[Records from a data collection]
|---|
Lemma col_completion_SL c : c != 0 -> col_completion c \in SL.
Proof.
move=> c_neq0; rewrite inE /col_completion.
case: ifP => [c0|/negbFE/eqP c0]; rewrite det_mk2.
  by rewrite mul0r subr0 mulfV.
have c1 : c 1 0 != 0.
  by apply: contraNneq c_neq0 => c1; apply/eqP/cV2P; rewrite mxE.
by rewrite mul0r sub0r mulNr opprK mulVf.
Qed.

Lemma SL_stab_e1 (B : 'M[K]_2) : B \in SL -> B *m e1 = e1 -> B \in U.
Proof.
rewrite inE -colE => /eqP detB /matrixP Be1.
have B00 : B 0 0 = 1 by have := Be1 0 0; rewrite !mxE.
have B10 : B 1 0 = 0 by have := Be1 1 0; rewrite !mxE.
have B11 : B 1 1 = 1 by move: detB; rewrite {1}[B]mk2E det_mk2 B00 B10 mul1r mulr0 subr0.
by apply/imsetP; exists (B 0 1); rewrite // {1}[B]mk2E B00 B10 B11.
Qed.

Lemma unip_e1 b : unip b *m e1 = e1.
Proof. by rewrite -colE; apply: cV2P; rewrite !mxE. Qed.

Lemma mx_orbit_SL_mul n A (x : 'M[K]_(2, n)) :
  A \in SL -> mx_orbit SL (A *m x) = mx_orbit SL x.
Proof. by move=> SLA; apply: mx_orbit_trans (imset_f _ SLA); [apply: SLM|apply: SLV]. Qed.

Lemma mem_mx_orbit_row n (c c' : 'cV[K]_2) (Z Z' : 'M[K]_(2, n)) :
  reflect (exists2 A, A \in SL & A *m c = c' /\ A *m Z = Z')
          (row_mx c' Z' \in mx_orbit SL (row_mx c Z)).
Proof.
apply: (iffP imsetP) => [[A SLA]|[A SLA [Ac AZ]]].
  by rewrite mul_mx_row => /eq_row_mx [-> ->]; exists A.
by exists A; rewrite // mul_mx_row Ac AZ.
Qed.

Lemma mx_orbit_row_normalize n (c : 'cV[K]_2) (Z : 'M[K]_(2, n)) : c != 0 ->
  mx_orbit SL (row_mx c Z) =
  mx_orbit SL (row_mx e1 (invmx (col_completion c) *m Z)).
Proof.
move/col_completion_SL => SL_C.
rewrite -[RHS](mx_orbit_SL_mul _ SL_C) mul_mx_row mulmxA mulmxV ?SL_unitmx // mul1mx.
by rewrite col_completion_e1.
Qed.

Lemma eq_mx_orbit_row_e1 n (W W' : 'M[K]_(2, n)) :
  (mx_orbit SL (row_mx e1 W) == mx_orbit SL (row_mx e1 W'))
  = (mx_orbit U W == mx_orbit U W').
Proof.
rewrite (eq_mx_orbit SL1 SLM SLV) (eq_mx_orbit U1 UM UV).
apply/mem_mx_orbit_row/imsetP => [[B SLB [Be1 BW]]|[_ /imsetP [b _ ->] BW]].
  by exists B; rewrite // SL_stab_e1.
by exists (unip b); rewrite ?unip_e1 // inE /unip det_mk2 mulr1 mulr0 subr0.
Qed.

Lemma eq_mx_orbit_row0 n (Z Z' : 'M[K]_(2, n)) :
  (mx_orbit SL (row_mx 0 Z : 'M_(2, 1 + n)) == mx_orbit SL (row_mx 0 Z'))
  = (mx_orbit SL Z == mx_orbit SL Z').
Proof.
rewrite !(eq_mx_orbit SL1 SLM SLV).
apply/mem_mx_orbit_row/imsetP => [[A SLA [_ AZ]]|[A SLA AZ]]; first by exists A.
by exists A; rewrite ?mulmx0.
Qed.

Lemma mx_orbit_row_neq n (c' : 'cV[K]_2) (Z Z' : 'M[K]_(2, n)) : c' != 0 ->
  mx_orbit SL (row_mx 0 Z) != mx_orbit SL (row_mx c' Z').
Proof.
move=> c'_neq0; rewrite (eq_mx_orbit SL1 SLM SLV).
by apply/mem_mx_orbit_row => -[A _ [A0 _]]; move: c'_neq0; rewrite -A0 mulmx0 eqxx.
Qed.

(* A zero first column leaves the remaining columns free up to SL; a nonzero
   one can be moved to e1, after which they are free up to its stabilizer U. *)
Definition col_split n (X : 'M[K]_(2, 1 + n)) :=
  if lsubmx X == 0 then inl (mx_orbit SL (rsubmx X))
  else inr (mx_orbit U (invmx (col_completion (lsubmx X)) *m rsubmx X)).

Lemma eq_mx_orbit_col_split n (X Y : 'M[K]_(2, 1 + n)) :
  (mx_orbit SL X == mx_orbit SL Y) = (col_split X == col_split Y).
Proof.
rewrite -[X]hsubmxK -[Y]hsubmxK /col_split !row_mxKl !row_mxKr.
move: (lsubmx X) (rsubmx X) (lsubmx Y) (rsubmx Y) => c Z c' Z'.
have [->|c_neq0] := eqVneq c 0; have [->|c'_neq0] := eqVneq c' 0.
- exact: eq_mx_orbit_row0.
- by rewrite (negbTE (mx_orbit_row_neq _ _ _)).
- by rewrite eq_sym (negbTE (mx_orbit_row_neq _ _ _)).
- rewrite (mx_orbit_row_normalize _ c_neq0) (mx_orbit_row_normalize _ c'_neq0).
  exact: eq_mx_orbit_row_e1.
Qed.

Lemma imset_col_split n :
  [set col_split X | X : 'M[K]_(2, 1 + n)] =
  inl @: [set mx_orbit SL Z | Z : 'M[K]_(2, n)] :|:
  inr @: [set mx_orbit U W | W : 'M[K]_(2, n)].
Proof.
apply/setP => z; apply/imsetP/setUP => [[X _ ->]|].
  by rewrite /col_split; case: ifP => _; [left|right]; rewrite !imset_f.
case=> /imsetP [_ /imsetP [Z _ ->] ->].
  by exists (row_mx 0 Z); rewrite // /col_split row_mxKl eqxx row_mxKr.
have e1_neq0 : e1 != 0 by apply/eqP => /matrixP/(_ 0 0)/eqP; rewrite !mxE oner_eq0.
exists (row_mx e1 Z); rewrite // /col_split row_mxKl row_mxKr (negbTE e1_neq0).
have -> : col_completion e1 = 1%:M by rewrite /col_completion !mxE /= oner_eq0 invr1 mk2_1.
by rewrite invmx1 mul1mx.
Qed.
|---|
**Task requirements:** Could you please reproduce each record exactly, leaving nothing out?

**Task result:**
Lemma col_completion_SL c : c != 0 -> col_completion c \in SL.
Proof.
move=> c_neq0; rewrite inE /col_completion.
case: ifP => [c0|/negbFE/eqP c0]; rewrite det_mk2.
  by rewrite mul0r subr0 mulfV.
have c1 : c 1 0 != 0.
  by apply: contraNneq c_neq0 => c1; apply/eqP/cV2P; rewrite mxE.
by rewrite mul0r sub0r mulNr opprK mulVf.
Qed.

Lemma SL_stab_e1 (B : 'M[K]_2) : B \in SL -> B *m e1 = e1 -> B \in U.
Proof.
rewrite inE -colE => /eqP detB /matrixP Be1.
have B00 : B 0 0 = 1 by have := Be1 0 0; rewrite !mxE.
have B10 : B 1 0 = 0 by have := Be1 1 0; rewrite !mxE.
have B11 : B 1 1 = 1 by move: detB; rewrite {1}[B]mk2E det_mk2 B00 B10 mul1r mulr0 subr0.
by apply/imsetP; exists (B 0 1); rewrite // {1}[B]mk2E B00 B10 B11.
Qed.

Lemma unip_e1 b : unip b *m e1 = e1.
Proof. by rewrite -colE; apply: cV2P; rewrite !mxE. Qed.

Lemma mx_orbit_SL_mul n A (x : 'M[K]_(2, n)) :
  A \in SL -> mx_orbit SL (A *m x) = mx_orbit SL x.
Proof. by move=> SLA; apply: mx_orbit_trans (imset_f _ SLA); [apply: SLM|apply: SLV]. Qed.

Lemma mem_mx_orbit_row n (c c' : 'cV[K]_2) (Z Z' : 'M[K]_(2, n)) :
  reflect (exists2 A, A \in SL & A *m c = c' /\ A *m Z = Z')
          (row_mx c' Z' \in mx_orbit SL (row_mx c Z)).
Proof.
apply: (iffP imsetP) => [[A SLA]|[A SLA [Ac AZ]]].
  by rewrite mul_mx_row => /eq_row_mx [-> ->]; exists A.
by exists A; rewrite // mul_mx_row Ac AZ.
Qed.

Lemma mx_orbit_row_normalize n (c : 'cV[K]_2) (Z : 'M[K]_(2, n)) : c != 0 ->
  mx_orbit SL (row_mx c Z) =
  mx_orbit SL (row_mx e1 (invmx (col_completion c) *m Z)).
Proof.
move/col_completion_SL => SL_C.
rewrite -[RHS](mx_orbit_SL_mul _ SL_C) mul_mx_row mulmxA mulmxV ?SL_unitmx // mul1mx.
by rewrite col_completion_e1.
Qed.

Lemma eq_mx_orbit_row_e1 n (W W' : 'M[K]_(2, n)) :
  (mx_orbit SL (row_mx e1 W) == mx_orbit SL (row_mx e1 W'))
  = (mx_orbit U W == mx_orbit U W').
Proof.
rewrite (eq_mx_orbit SL1 SLM SLV) (eq_mx_orbit U1 UM UV).
apply/mem_mx_orbit_row/imsetP => [[B SLB [Be1 BW]]|[_ /imsetP [b _ ->] BW]].
  by exists B; rewrite // SL_stab_e1.
by exists (unip b); rewrite ?unip_e1 // inE /unip det_mk2 mulr1 mulr0 subr0.
Qed.

Lemma eq_mx_orbit_row0 n (Z Z' : 'M[K]_(2, n)) :
  (mx_orbit SL (row_mx 0 Z : 'M_(2, 1 + n)) == mx_orbit SL (row_mx 0 Z'))
  = (mx_orbit SL Z == mx_orbit SL Z').
Proof.
rewrite !(eq_mx_orbit SL1 SLM SLV).
apply/mem_mx_orbit_row/imsetP => [[A SLA [_ AZ]]|[A SLA AZ]]; first by exists A.
by exists A; rewrite ?mulmx0.
Qed.

Lemma mx_orbit_row_neq n (c' : 'cV[K]_2) (Z Z' : 'M[K]_(2, n)) : c' != 0 ->
  mx_orbit SL (row_mx 0 Z) != mx_orbit SL (row_mx c' Z').
Proof.
move=> c'_neq0; rewrite (eq_mx_orbit SL1 SLM SLV).
by apply/mem_mx_orbit_row => -[A _ [A0 _]]; move: c'_neq0; rewrite -A0 mulmx0 eqxx.
Qed.

(* A zero first column leaves the remaining columns free up to SL; a nonzero
   one can be moved to e1, after which they are free up to its stabilizer U. *)
Definition col_split n (X : 'M[K]_(2, 1 + n)) :=
  if lsubmx X == 0 then inl (mx_orbit SL (rsubmx X))
  else inr (mx_orbit U (invmx (col_completion (lsubmx X)) *m rsubmx X)).

Lemma eq_mx_orbit_col_split n (X Y : 'M[K]_(2, 1 + n)) :
  (mx_orbit SL X == mx_orbit SL Y) = (col_split X == col_split Y).
Proof.
rewrite -[X]hsubmxK -[Y]hsubmxK /col_split !row_mxKl !row_mxKr.
move: (lsubmx X) (rsubmx X) (lsubmx Y) (rsubmx Y) => c Z c' Z'.
have [->|c_neq0] := eqVneq c 0; have [->|c'_neq0] := eqVneq c' 0.
- exact: eq_mx_orbit_row0.
- by rewrite (negbTE (mx_orbit_row_neq _ _ _)).
- by rewrite eq_sym (negbTE (mx_orbit_row_neq _ _ _)).
- rewrite (mx_orbit_row_normalize _ c_neq0) (mx_orbit_row_normalize _ c'_neq0).
  exact: eq_mx_orbit_row_e1.
Qed.

Lemma imset_col_split n :
  [set col_split X | X : 'M[K]_(2, 1 + n)] =
  inl @: [set mx_orbit SL Z | Z : 'M[K]_(2, n)] :|:
  inr @: [set mx_orbit U W | W : 'M[K]_(2, n)].
Proof.
apply/setP => z; apply/imsetP/setUP => [[X _ ->]|].
  by rewrite /col_split; case: ifP => _; [left|right]; rewrite !imset_f.
case=> /imsetP [_ /imsetP [Z _ ->] ->].
  by exists (row_mx 0 Z); rewrite // /col_split row_mxKl eqxx row_mxKr.
have e1_neq0 : e1 != 0 by apply/eqP => /matrixP/(_ 0 0)/eqP; rewrite !mxE oner_eq0.
exists (row_mx e1 Z); rewrite // /col_split row_mxKl row_mxKr (negbTE e1_neq0).
have -> : col_completion e1 = 1%:M by rewrite /col_completion !mxE /= oner_eq0 invr1 mk2_1.
by rewrite invmx1 mul1mx.
Qed.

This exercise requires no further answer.